The situation with organizational policies is similar - with one serious complication. While the legislation is usually written down, company policies are not. Significant part of company policies is based on common sense, usual practice, subjective consideration and management decisions that do not even get recorded in meeting minutes.
Now, we want to get the policy in exact, complete, understandable, up-to-date, maintainable and machine-executable form. How realistic is that?
Is it still easy?
The Way Out
Realistically, we cannot hope to have complete policy in ready-to-use form. The knowledge of policy is distributed among many people in the organization. Everybody knows a bit, and most of them are acting in accord with the policy. Together they all have a "collective knowledge" of the policy. We can use that.

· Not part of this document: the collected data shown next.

Lemma Cmod_pair_le_add (p q q' : C) (K r : R) :
  0 <= K -> Cmod p ^ 2 + Cmod q ^ 2 <= K ^ 2 -> Cmod (q' - q) <= r ->
  Cmod p ^ 2 + Cmod q' ^ 2 <= (K + r) ^ 2.
Proof.
  intros K_ge0 Hpq Hq'.
  assert (Htri : Cmod q' <= Cmod q + r).
  { replace q' with (q + (q' - q))%C at 1 by ring.
    eapply Rle_trans; [apply Cmod_triangle|lra]. }
  pose proof (Cmod_ge_0 p); pose proof (Cmod_ge_0 q); pose proof (Cmod_ge_0 (q' - q)).
  assert (Cmod q <= K) by nra.
  assert (Cmod q' ^ 2 <= (Cmod q + r) ^ 2) by (apply pow_incr; split; [apply Cmod_ge_0|exact Htri]).
  assert (0 <= (K - Cmod q) * r) by (apply Rmult_le_pos; lra).
  nra.
Qed.

(* Splitting off the top term of the Leibniz sum (Minkowski in C^2) makes the bound grow by
   exactly 2 * 4^m per step; bounding the whole sum by the triangle inequality would not. *)
Lemma rs_energy_le (s m : nat) (th : R) :
  rs_energy s m th <= 2 ^ (s + 1) * ((2 ^ s) ^ m) ^ 2.
Proof.
  revert m; induction s as [|s IH]; intros m.
  { unfold rs_energy, rsP, rsQ; destruct m; simpl;
      rewrite ?Cmod_0, ?Cmod_1, ?pow1; lra. }
  set (c := 2 ^ s); set (rho := sqrt (2 ^ (s + 1))).
  assert (c_gt0 : 0 < c) by (apply pow_lt; lra).
  assert (rho_ge0 : 0 <= rho) by apply sqrt_pos.
  assert (rho2 : rho ^ 2 = 2 ^ (s + 1)) by (apply pow2_sqrt, pow_le; lra).
  assert (HPQ : forall j, Cmod (rsP s j th) ^ 2 + Cmod (rsQ s j th) ^ 2 <= (rho * c ^ j) ^ 2)
    by (intros j; rewrite Rpow_mult_distr, rho2; apply IH).
  assert (HQ : forall j, (j <= m)%nat -> Cmod (rsQ s j th) <= rho * c ^ j).
  { intros j _; specialize (HPQ j).
    assert (0 <= rho * c ^ j) by (apply Rmult_le_pos; [|apply pow_le]; lra).
    pose proof (Cmod_ge_0 (rsQ s j th)); pose proof (pow2_ge_0 (Cmod (rsP s j th))); nra. }
  assert (Hstep := Cmod_pair_le_add _ _ (leibniz c (fun j => rsQ s j th) m) (rho * c ^ m) _
                     ltac:(apply Rmult_le_pos; [|apply pow_le]; lra) (HPQ m)
                     (Cmod_leibniz_sub_top c ltac:(lra) _ _ _ HQ)).
  rewrite rs_energy_S; fold c.
  replace (2 ^ (S s + 1) * ((2 ^ S s) ^ m) ^ 2)
    with (2 * (rho * c ^ m + (2 ^ m - 1) * rho * c ^ m) ^ 2); [lra|].
  replace (rho * c ^ m + (2 ^ m - 1) * rho * c ^ m) with (rho * (2 * c) ^ m)
    by (rewrite Rpow_mult_distr; ring).
  rewrite Rpow_mult_distr, rho2; unfold c.
  replace (S s + 1)%nat with (S (s + 1)) by lia.
  change (2 ^ S (s + 1)) with (2 * 2 ^ (s + 1)); change (2 ^ S s) with (2 * 2 ^ s); ring.
Qed.

Lemma exists_large_main_term (w v : C) :
  Cmod w ^ 2 + Cmod v ^ 2 = 1 ->
  exists k, (k <= 3)%nat /\ 9 / 32 <= Rabs (Re (Ci ^ k * (w + 2 ^ k * v))).
Proof.
  rewrite !Cmod2_alt; destruct w as [a b], v as [p q]; intros E.
  assert (R0 : Re (Ci ^ 0 * ((a, b) + 2 ^ 0 * (p, q))) = a + p) by (unfold Re; simpl; ring).
  assert (R1 : Re (Ci ^ 1 * ((a, b) + 2 ^ 1 * (p, q))) = - (b + 2 * q)) by (unfold Re; simpl; ring).
  assert (R2 : Re (Ci ^ 2 * ((a, b) + 2 ^ 2 * (p, q))) = - (a + 4 * p)) by (unfold Re; simpl; ring).
  assert (R3 : Re (Ci ^ 3 * ((a, b) + 2 ^ 3 * (p, q))) = b + 8 * q) by (unfold Re; simpl; ring).
  destruct (Rle_or_lt (9 / 32) (Rabs (a + p))) as [L0|L0]; [exists 0%nat; rewrite R0; auto|].
  destruct (Rle_or_lt (9 / 32) (Rabs (b + 2 * q))) as [L1|L1];
    [exists 1%nat; rewrite R1, Rabs_Ropp; auto|].
  destruct (Rle_or_lt (9 / 32) (Rabs (a + 4 * p))) as [L2|L2];
    [exists 2%nat; rewrite R2, Rabs_Ropp; auto|].
  destruct (Rle_or_lt (9 / 32) (Rabs (b + 8 * q))) as [L3|L3]; [exists 3%nat; rewrite R3; auto|].
  exfalso; simpl in E.
  apply Rabs_def2 in L0, L1, L2, L3.
  assert (Hp : p * p <= (3 / 16) ^ 2) by nra.
  assert (Hq : q * q <= (3 / 32) ^ 2) by nra.
  assert (Ha : a * a <= (15 / 32) ^ 2) by nra.
  assert (Hb : b * b <= (15 / 32) ^ 2) by nra.
  nra.
Qed.

Lemma Rabs_Re_unit_mul_ge (e z z0 : C) (a b : R) :
  Cmod e = 1 -> a <= Rabs (Re (e * z0)) -> Cmod (z - z0) <= b ->
  a - b <= Rabs (Re (e * z)).
Proof.
  intros He Hz0 Hz.
  assert (Herr : Rabs (Re (e * (z - z0))) <= b)
    by (eapply Rle_trans; [apply re_le_Cmod|]; rewrite Cmod_mult, He, Rmult_1_l; exact Hz).
  replace (e * z)%C with (e * z0 + e * (z - z0))%C in * by ring.
  rewrite re_plus; pose proof (Rabs_triang_inv (Re (e * z0)) (- Re (e * (z - z0)))) as Htri.
  rewrite Rabs_Ropp in Htri; unfold Rminus in Htri; rewrite Ropp_involutive in Htri; lra.
Qed.

Lemma nrm_sq (t : nat) : nrm t ^ 2 * 2 ^ (t + 1) = 1.
Proof.
  unfold nrm; simpl; rewrite Rmult_1_r, <- Rpower_plus.
  replace (- (INR t + 1) / 2 + - (INR t + 1) / 2) with (- INR (t + 1))
    by (rewrite plus_INR; simpl; field).
  rewrite Rpower_Ropp, Rpower_pow by lra; field; apply pow_nonzero; lra.
Qed.

Section H_derivatives.
Variable t : nat.
Let u : R := / Tt t.
Let N : R := nrm t.

(* [alpha_jet j] and [beta_jet j] are (-i)^j alpha^(j) and (-i)^j beta^(j). *)
Definition alpha_jet (j : nat) (x : R) : C := (RtoC (N * u ^ j) * rsP t j (x * u))%C.
Definition beta_jet (j : nat) (x : R) : C := (RtoC (N * u ^ j) * rsQ t j (x * u))%C.

Lemma is_Cderive_alpha_beta_jet (j : nat) :
  is_Cderive (alpha_jet j) (fun x => Ci * alpha_jet (S j) x)%C /\
  is_Cderive (beta_jet j) (fun x => Ci * beta_jet (S j) x)%C.
Proof.
  destruct (is_Cderive_rs_jet t j) as [DP DQ].
  split; [refine (is_Cderive_eq _ _ _ _ (is_Cderive_scal _ _ _ (is_Cderive_comp_scal u _ _ DP)))
         |refine (is_Cderive_eq _ _ _ _ (is_Cderive_scal _ _ _ (is_Cderive_comp_scal u _ _ DQ)))].
  all: intros x; unfold alpha_jet, beta_jet; C_ring.
Qed.

Definition H_jet (k : nat) (x : R) : C :=
  (cis (1 * x) * leibniz 1 (fun j => alpha_jet j x) k +
   cis (2 * x) * leibniz 2 (fun j => beta_jet j x) k)%C.

Lemma H_H_jet (x : R) : H t x = H_jet O x.
Proof.
  unfold H, H_jet, alpha, beta, alpha_jet, beta_jet, RS_P, RS_Q, Rdiv; simpl leibniz.
  rewrite RS_cis, Rmult_1_l, Rmult_1_r; reflexivity.
Qed.

Lemma Cderive_n_H (k : nat) (x : R) : Cderive_n (H t) k x = (Ci ^ k * H_jet k x)%C.
Proof.
  rewrite (Cderive_n_ext _ (fun y => Ci ^ 0 * H_jet O y)%C)
    by (intros y; rewrite H_H_jet; simpl; ring).
  apply (Cderive_n_chain (fun k x => Ci ^ k * H_jet k x)%C); intros n.
  assert (Da : forall j, is_Cderive (alpha_jet j) (fun x => Ci * alpha_jet (S j) x)%C)
    by (intros j; apply is_Cderive_alpha_beta_jet).
  assert (Db : forall j, is_Cderive (beta_jet j) (fun x => Ci * beta_jet (S j) x)%C)
    by (intros j; apply is_Cderive_alpha_beta_jet).
  refine (is_Cderive_eq _ _ _ _
            (is_Cderive_scal _ _ _ (is_Cderive_plus _ _ _ _ (is_Cderive_cis_leibniz 1 _ Da n)
                                                            (is_Cderive_cis_leibniz 2 _ Db n)))).
  intros y; unfold H_jet; simpl; ring.
Qed.

Lemma u_scale : 2 ^ t * u = / 1024.
Proof. unfold u, Tt; rewrite pow_add; field; apply pow_nonzero; lra. Qed.

Lemma alpha_beta_energy (j : nat) (x : R) :
  Cmod (alpha_jet j x) ^ 2 + Cmod (beta_jet j x) ^ 2 = (N * u ^ j) ^ 2 * rs_energy t j (x * u).
Proof.
  assert (u_gt0 : 0 < u) by (apply Rinv_0_lt_compat, pow_lt; lra).
  assert (N_gt0 : 0 < N) by apply exp_pos.
  unfold alpha_jet, beta_jet, rs_energy; rewrite !Cmod_mult, Cmod_R, Rabs_pos_eq; [ring|].
  apply Rmult_le_pos; [|apply pow_le]; lra.
Qed.

Lemma alpha_beta_energy_O (x : R) : Cmod (alpha_jet O x) ^ 2 + Cmod (beta_jet O x) ^ 2 = 1.
Proof. rewrite alpha_beta_energy, rs_energy_O, pow_O, Rmult_1_r; apply nrm_sq. Qed.

Lemma alpha_beta_energy_le (j : nat) (x : R) :
  Cmod (alpha_jet j x) ^ 2 + Cmod (beta_jet j x) ^ 2 <= ((/ 1024) ^ j) ^ 2.
Proof.
  rewrite alpha_beta_energy, <- u_scale.
  assert (NN := nrm_sq t); fold N in NN.
  replace (((2 ^ t * u) ^ j) ^ 2) with ((N * u ^ j) ^ 2 * (2 ^ (t + 1) * ((2 ^ t) ^ j) ^ 2)).
  2: { transitivity (1 * ((2 ^ t * u) ^ j) ^ 2); [rewrite <- NN, !Rpow_mult_distr|]; ring. }
  apply Rmult_le_compat_l; [apply pow2_ge_0|apply rs_energy_le].
Qed.

Lemma Cmod_H_jet_sub_le (k : nat) (x : R) : (k <= 3)%nat ->
  Cmod (H_jet k x - (cis (1 * x) * alpha_jet O x + 2 ^ k * (cis (2 * x) * beta_jet O x)))
  <= 1 / 32.
Proof.
  intros Hk.
  assert (Hab : forall j, Cmod (alpha_jet j x) <= 1 * (/ 1024) ^ j /\
                          Cmod (beta_jet j x) <= 1 * (/ 1024) ^ j).
  { intros j; pose proof (alpha_beta_energy_le j x).
    assert (0 <= (/ 1024) ^ j) by (apply pow_le; lra).
    pose proof (Cmod_ge_0 (alpha_jet j x)); pose proof (Cmod_ge_0 (beta_jet j x)).
    split; nra. }
  assert (Ea := Cmod_leibniz_sub_low 1 ltac:(lra) (/ 1024) 1 (fun j => alpha_jet j x) k
                  ltac:(lra) (fun j _ => proj1 (Hab j))).
  assert (Eb := Cmod_leibniz_sub_low 2 ltac:(lra) (/ 1024) 1 (fun j => beta_jet j x) k
                  ltac:(lra) (fun j _ => proj2 (Hab j))).
  replace (H_jet k x - _)%C with
    (cis (1 * x) * (leibniz 1 (fun j => alpha_jet j x) k - 1 ^ k * alpha_jet O x) +
     cis (2 * x) * (leibniz 2 (fun j => beta_jet j x) k - 2 ^ k * beta_jet O x))%C
    by (unfold H_jet; rewrite Cpow_1_l; ring).
  eapply Rle_trans; [apply Cmod_triangle|].
  rewrite !Cmod_mult, !Cmod_cis, !Rmult_1_l.
  eapply Rle_trans; [apply Rplus_le_compat; [exact Ea|exact Eb]|].
  destruct k as [|[|[|[|k]]]]; [simpl; lra..|lia].
Qed.

End H_derivatives.

Theorem lemma3p5 (t : nat) (ht : Nat.Odd t) (x : R) :
  exists k : nat, (k <= 3)%nat /\ Rabs (Re (Cderive_n (H t) k x)) >= 1 / 4.
Proof.
  set (w := (cis (1 * x) * alpha_jet t O x)%C); set (v := (cis (2 * x) * beta_jet t O x)%C).
  assert (Ewv : Cmod w ^ 2 + Cmod v ^ 2 = 1)
    by (unfold w, v; rewrite !Cmod_mult, !Cmod_cis, !Rmult_1_l; apply alpha_beta_energy_O).
  destruct (exists_large_main_term w v Ewv) as [k [Hk Hmain]].
  exists k; split; [exact Hk|]; rewrite Cderive_n_H; apply Rle_ge.
  replace (1 / 4) with (9 / 32 - 1 / 32) by field.
  apply (Rabs_Re_unit_mul_ge _ _ (w + 2 ^ k * v)%C);
    [|exact Hmain|exact (Cmod_H_jet_sub_le t k x Hk)].
  rewrite Cmod_pow, Cmod_Ci; apply pow1.
Qed.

One way would be to go out and ask all these people. They will tell us the pieces, we will analyze them, combine them, codify them, refine them … and we will have a policy! It will take years of hard work, but it is certainly worth the effort. When we are finally done, we can celebrate our success - by discarding our results. The results would be useless by then, as the policy was changed in the meantime. This is not a good way. We need something faster, something smarter.
We have existing data, we can mine the information. It is good chance that we have managed privileges using groups and roles all this time. We may have cumbersome, yet working RBAC system in place. We have current group membership and role assignment data. As long as our organization works properly, we can safely assume that majority of the roles were assigned according to policy. We can use this information to mine the policy, to determine what the policy actually is. Of course, it is only approximate technique. Current access is most likely over-provisioned, the policy is not applied in a perfectly consistent way and so on. However, mining can give us practical approximations to start from. Mined policy can be incrementally refined, reviewed and optimized. It is better to have a practical approximate approach than to rely on exact yet infeasible method. Done is better than perfect.